● **Exercise objective**: The lines from the start of the records through the one containing "[set w | forall k : nat, (k < n)%N ->" are to be transcribed exactly, and nothing else.

● **Supplied entries**:

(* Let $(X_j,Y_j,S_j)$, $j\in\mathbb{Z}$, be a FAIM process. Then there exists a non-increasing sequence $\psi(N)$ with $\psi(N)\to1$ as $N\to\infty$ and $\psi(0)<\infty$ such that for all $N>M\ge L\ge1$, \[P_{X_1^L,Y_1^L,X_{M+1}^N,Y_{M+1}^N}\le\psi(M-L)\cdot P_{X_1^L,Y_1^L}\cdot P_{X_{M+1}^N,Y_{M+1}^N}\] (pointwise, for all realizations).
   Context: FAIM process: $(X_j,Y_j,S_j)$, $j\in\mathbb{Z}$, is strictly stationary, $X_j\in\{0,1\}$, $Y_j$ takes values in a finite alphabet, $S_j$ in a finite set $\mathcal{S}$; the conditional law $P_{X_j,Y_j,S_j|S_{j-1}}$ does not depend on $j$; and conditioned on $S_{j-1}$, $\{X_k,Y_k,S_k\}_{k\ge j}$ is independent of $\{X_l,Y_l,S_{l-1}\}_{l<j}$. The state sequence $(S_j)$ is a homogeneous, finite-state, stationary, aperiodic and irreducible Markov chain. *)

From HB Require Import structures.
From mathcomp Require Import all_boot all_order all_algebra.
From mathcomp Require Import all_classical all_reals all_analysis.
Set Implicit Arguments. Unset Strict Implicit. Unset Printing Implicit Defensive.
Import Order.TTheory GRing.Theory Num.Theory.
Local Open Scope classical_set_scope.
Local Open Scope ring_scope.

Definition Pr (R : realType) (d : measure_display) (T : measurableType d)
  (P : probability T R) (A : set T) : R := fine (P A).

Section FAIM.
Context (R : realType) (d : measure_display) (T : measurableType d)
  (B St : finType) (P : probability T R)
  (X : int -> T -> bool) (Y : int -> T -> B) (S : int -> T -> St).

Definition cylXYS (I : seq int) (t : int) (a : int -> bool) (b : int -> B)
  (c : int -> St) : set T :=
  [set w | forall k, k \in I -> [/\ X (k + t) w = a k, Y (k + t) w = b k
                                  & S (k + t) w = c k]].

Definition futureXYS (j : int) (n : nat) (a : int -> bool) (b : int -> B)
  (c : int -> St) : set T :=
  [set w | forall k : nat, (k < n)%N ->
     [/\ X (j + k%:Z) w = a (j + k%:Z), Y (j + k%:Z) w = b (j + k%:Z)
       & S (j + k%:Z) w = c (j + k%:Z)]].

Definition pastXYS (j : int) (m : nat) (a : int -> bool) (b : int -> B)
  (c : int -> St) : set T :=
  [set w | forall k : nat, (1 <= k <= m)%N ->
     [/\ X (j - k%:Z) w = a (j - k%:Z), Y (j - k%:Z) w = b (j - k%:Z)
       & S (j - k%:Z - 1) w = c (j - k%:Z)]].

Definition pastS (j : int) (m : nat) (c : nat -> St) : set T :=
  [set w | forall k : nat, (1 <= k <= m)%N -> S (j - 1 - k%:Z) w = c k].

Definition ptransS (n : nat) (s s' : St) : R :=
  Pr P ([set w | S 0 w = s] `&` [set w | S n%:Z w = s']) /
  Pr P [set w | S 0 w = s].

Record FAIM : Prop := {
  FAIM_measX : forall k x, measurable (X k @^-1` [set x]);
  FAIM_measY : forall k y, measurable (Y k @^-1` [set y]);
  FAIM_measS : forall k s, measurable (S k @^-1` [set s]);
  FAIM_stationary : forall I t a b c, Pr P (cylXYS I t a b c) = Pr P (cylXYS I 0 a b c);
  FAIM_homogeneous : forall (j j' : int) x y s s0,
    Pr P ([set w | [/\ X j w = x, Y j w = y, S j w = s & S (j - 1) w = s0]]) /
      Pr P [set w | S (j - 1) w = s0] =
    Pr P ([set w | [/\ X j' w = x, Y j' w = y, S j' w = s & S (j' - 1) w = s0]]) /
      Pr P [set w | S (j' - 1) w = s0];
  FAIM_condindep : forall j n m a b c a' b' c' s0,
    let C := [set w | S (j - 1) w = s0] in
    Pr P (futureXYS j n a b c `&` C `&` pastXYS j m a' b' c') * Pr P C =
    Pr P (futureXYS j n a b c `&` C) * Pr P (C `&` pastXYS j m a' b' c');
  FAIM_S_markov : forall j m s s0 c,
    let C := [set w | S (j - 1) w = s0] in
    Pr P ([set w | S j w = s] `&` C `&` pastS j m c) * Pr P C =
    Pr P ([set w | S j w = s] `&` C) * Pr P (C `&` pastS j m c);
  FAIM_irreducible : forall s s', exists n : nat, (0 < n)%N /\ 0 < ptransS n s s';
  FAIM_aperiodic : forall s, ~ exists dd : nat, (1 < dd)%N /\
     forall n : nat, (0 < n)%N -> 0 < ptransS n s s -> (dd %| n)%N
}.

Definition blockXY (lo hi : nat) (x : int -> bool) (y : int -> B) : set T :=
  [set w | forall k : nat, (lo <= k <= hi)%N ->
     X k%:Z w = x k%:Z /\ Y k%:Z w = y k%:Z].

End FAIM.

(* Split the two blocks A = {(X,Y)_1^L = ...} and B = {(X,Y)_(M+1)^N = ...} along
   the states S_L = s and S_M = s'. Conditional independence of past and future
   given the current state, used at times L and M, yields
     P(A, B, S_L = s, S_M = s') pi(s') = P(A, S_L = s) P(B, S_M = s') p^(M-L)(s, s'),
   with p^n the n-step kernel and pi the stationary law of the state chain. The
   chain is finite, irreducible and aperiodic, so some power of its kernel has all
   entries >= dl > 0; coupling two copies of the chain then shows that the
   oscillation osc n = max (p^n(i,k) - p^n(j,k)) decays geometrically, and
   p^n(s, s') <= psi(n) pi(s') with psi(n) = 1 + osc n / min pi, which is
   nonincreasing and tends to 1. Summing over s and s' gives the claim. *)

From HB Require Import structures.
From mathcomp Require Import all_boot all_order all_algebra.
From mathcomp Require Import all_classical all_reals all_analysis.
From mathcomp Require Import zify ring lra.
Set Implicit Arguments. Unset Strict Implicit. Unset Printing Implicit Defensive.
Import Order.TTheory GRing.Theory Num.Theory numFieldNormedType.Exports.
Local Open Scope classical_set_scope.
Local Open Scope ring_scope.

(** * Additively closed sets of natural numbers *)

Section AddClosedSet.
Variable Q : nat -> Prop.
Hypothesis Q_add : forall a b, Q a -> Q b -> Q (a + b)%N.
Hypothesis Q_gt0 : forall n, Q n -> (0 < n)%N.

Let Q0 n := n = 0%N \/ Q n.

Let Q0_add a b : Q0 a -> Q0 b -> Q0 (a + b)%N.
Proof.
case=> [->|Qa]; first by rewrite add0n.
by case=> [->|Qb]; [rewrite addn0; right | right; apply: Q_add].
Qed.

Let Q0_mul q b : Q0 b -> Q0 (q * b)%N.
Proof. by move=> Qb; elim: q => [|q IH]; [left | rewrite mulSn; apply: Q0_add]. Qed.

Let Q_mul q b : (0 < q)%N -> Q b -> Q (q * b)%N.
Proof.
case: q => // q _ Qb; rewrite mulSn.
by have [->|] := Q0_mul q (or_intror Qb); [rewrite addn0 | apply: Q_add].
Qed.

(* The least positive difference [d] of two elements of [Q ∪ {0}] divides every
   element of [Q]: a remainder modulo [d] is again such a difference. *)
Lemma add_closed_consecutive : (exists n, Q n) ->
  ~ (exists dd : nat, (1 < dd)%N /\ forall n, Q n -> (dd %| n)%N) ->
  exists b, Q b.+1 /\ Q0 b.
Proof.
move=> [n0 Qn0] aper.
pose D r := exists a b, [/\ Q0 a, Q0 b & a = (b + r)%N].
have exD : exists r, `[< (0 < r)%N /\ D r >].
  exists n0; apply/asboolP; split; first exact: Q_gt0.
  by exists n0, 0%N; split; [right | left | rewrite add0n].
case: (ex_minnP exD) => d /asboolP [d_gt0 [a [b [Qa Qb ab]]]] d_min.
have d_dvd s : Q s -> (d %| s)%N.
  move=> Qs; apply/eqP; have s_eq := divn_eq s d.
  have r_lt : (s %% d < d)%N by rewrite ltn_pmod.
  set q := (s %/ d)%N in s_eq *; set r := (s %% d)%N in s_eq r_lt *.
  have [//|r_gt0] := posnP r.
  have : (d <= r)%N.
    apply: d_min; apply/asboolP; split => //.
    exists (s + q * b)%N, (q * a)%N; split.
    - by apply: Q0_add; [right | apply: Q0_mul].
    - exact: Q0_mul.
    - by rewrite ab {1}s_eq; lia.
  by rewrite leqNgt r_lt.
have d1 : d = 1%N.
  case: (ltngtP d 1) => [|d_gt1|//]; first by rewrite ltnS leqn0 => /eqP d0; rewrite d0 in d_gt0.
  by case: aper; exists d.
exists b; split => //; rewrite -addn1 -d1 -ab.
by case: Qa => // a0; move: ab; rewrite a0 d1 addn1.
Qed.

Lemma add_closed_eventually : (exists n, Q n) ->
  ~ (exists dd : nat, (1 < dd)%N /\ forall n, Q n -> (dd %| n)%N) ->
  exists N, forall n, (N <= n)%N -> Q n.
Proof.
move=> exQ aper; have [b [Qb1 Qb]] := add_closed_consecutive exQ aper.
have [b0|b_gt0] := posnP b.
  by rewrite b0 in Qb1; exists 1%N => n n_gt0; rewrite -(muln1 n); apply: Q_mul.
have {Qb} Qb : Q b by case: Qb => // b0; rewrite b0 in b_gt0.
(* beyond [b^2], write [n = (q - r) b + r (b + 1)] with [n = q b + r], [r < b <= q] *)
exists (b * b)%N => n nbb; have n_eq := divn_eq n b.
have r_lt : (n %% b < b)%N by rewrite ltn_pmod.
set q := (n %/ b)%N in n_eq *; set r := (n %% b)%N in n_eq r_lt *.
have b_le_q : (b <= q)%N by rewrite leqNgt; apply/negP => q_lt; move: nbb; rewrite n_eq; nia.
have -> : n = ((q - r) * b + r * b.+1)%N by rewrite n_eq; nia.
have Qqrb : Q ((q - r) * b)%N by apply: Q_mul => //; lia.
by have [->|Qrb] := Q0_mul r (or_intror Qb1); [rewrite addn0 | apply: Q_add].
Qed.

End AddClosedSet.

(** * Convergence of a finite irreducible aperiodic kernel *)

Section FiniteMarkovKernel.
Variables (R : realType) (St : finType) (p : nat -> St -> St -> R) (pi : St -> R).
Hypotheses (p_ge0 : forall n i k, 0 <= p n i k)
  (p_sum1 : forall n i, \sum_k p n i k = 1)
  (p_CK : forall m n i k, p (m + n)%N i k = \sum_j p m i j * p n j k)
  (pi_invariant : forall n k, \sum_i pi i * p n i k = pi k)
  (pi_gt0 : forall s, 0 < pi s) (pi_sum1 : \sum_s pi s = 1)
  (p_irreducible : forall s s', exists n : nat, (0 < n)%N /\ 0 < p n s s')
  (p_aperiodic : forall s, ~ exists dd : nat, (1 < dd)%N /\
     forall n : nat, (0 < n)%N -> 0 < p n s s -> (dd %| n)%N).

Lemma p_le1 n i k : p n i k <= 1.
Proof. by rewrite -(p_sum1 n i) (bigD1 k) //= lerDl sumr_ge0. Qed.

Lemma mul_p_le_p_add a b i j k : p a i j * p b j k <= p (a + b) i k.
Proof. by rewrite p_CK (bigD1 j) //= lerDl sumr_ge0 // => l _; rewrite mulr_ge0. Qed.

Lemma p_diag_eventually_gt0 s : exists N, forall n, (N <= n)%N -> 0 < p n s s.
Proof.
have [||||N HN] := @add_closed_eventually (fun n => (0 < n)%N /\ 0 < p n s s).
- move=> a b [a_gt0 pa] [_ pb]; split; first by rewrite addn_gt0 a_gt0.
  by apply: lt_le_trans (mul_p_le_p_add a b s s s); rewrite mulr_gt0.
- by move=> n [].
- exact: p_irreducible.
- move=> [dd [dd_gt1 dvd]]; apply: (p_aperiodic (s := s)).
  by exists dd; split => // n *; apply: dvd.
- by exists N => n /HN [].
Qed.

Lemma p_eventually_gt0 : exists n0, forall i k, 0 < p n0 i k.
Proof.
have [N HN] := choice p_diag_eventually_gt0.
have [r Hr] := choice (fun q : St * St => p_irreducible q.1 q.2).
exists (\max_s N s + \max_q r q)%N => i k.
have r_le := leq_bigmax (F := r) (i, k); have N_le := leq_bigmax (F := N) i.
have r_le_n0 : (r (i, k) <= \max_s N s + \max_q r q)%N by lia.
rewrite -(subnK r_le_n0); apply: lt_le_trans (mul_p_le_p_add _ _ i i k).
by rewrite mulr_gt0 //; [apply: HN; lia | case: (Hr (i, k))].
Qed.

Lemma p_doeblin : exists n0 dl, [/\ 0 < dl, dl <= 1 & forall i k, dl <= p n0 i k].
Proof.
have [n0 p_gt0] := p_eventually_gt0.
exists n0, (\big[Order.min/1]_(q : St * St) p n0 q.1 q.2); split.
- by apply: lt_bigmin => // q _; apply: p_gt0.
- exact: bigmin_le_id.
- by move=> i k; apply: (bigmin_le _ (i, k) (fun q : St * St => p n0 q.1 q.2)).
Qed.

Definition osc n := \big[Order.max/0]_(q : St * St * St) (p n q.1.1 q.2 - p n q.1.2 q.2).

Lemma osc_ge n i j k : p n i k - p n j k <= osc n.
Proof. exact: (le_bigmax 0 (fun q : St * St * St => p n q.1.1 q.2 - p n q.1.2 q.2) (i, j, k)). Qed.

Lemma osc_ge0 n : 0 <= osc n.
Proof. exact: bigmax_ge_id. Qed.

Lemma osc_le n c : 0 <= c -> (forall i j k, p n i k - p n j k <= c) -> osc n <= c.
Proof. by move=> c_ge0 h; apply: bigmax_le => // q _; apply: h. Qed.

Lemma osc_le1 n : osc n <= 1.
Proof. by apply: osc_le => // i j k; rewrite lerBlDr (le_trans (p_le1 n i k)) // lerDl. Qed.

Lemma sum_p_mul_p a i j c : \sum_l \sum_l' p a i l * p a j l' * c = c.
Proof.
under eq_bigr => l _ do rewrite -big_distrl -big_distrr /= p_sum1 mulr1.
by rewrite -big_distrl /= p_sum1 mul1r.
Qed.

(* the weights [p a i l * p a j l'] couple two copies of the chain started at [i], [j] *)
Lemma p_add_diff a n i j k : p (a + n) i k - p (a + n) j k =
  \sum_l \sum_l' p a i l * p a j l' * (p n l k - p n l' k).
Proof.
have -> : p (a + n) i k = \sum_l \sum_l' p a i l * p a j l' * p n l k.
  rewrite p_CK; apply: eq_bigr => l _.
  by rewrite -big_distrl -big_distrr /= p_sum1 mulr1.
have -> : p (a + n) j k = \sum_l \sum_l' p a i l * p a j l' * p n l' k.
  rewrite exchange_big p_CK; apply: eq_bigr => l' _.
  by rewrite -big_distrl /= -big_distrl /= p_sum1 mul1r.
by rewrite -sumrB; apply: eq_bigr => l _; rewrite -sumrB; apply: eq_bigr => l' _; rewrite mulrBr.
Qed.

● **Response below**:
(* Let $(X_j,Y_j,S_j)$, $j\in\mathbb{Z}$, be a FAIM process. Then there exists a non-increasing sequence $\psi(N)$ with $\psi(N)\to1$ as $N\to\infty$ and $\psi(0)<\infty$ such that for all $N>M\ge L\ge1$, \[P_{X_1^L,Y_1^L,X_{M+1}^N,Y_{M+1}^N}\le\psi(M-L)\cdot P_{X_1^L,Y_1^L}\cdot P_{X_{M+1}^N,Y_{M+1}^N}\] (pointwise, for all realizations).
   Context: FAIM process: $(X_j,Y_j,S_j)$, $j\in\mathbb{Z}$, is strictly stationary, $X_j\in\{0,1\}$, $Y_j$ takes values in a finite alphabet, $S_j$ in a finite set $\mathcal{S}$; the conditional law $P_{X_j,Y_j,S_j|S_{j-1}}$ does not depend on $j$; and conditioned on $S_{j-1}$, $\{X_k,Y_k,S_k\}_{k\ge j}$ is independent of $\{X_l,Y_l,S_{l-1}\}_{l<j}$. The state sequence $(S_j)$ is a homogeneous, finite-state, stationary, aperiodic and irreducible Markov chain. *)

From HB Require Import structures.
From mathcomp Require Import all_boot all_order all_algebra.
From mathcomp Require Import all_classical all_reals all_analysis.
Set Implicit Arguments. Unset Strict Implicit. Unset Printing Implicit Defensive.
Import Order.TTheory GRing.Theory Num.Theory.
Local Open Scope classical_set_scope.
Local Open Scope ring_scope.

Definition Pr (R : realType) (d : measure_display) (T : measurableType d)
  (P : probability T R) (A : set T) : R := fine (P A).

Section FAIM.
Context (R : realType) (d : measure_display) (T : measurableType d)
  (B St : finType) (P : probability T R)
  (X : int -> T -> bool) (Y : int -> T -> B) (S : int -> T -> St).

Definition cylXYS (I : seq int) (t : int) (a : int -> bool) (b : int -> B)
  (c : int -> St) : set T :=
  [set w | forall k, k \in I -> [/\ X (k + t) w = a k, Y (k + t) w = b k
                                  & S (k + t) w = c k]].

Definition futureXYS (j : int) (n : nat) (a : int -> bool) (b : int -> B)
  (c : int -> St) : set T :=
  [set w | forall k : nat, (k < n)%N ->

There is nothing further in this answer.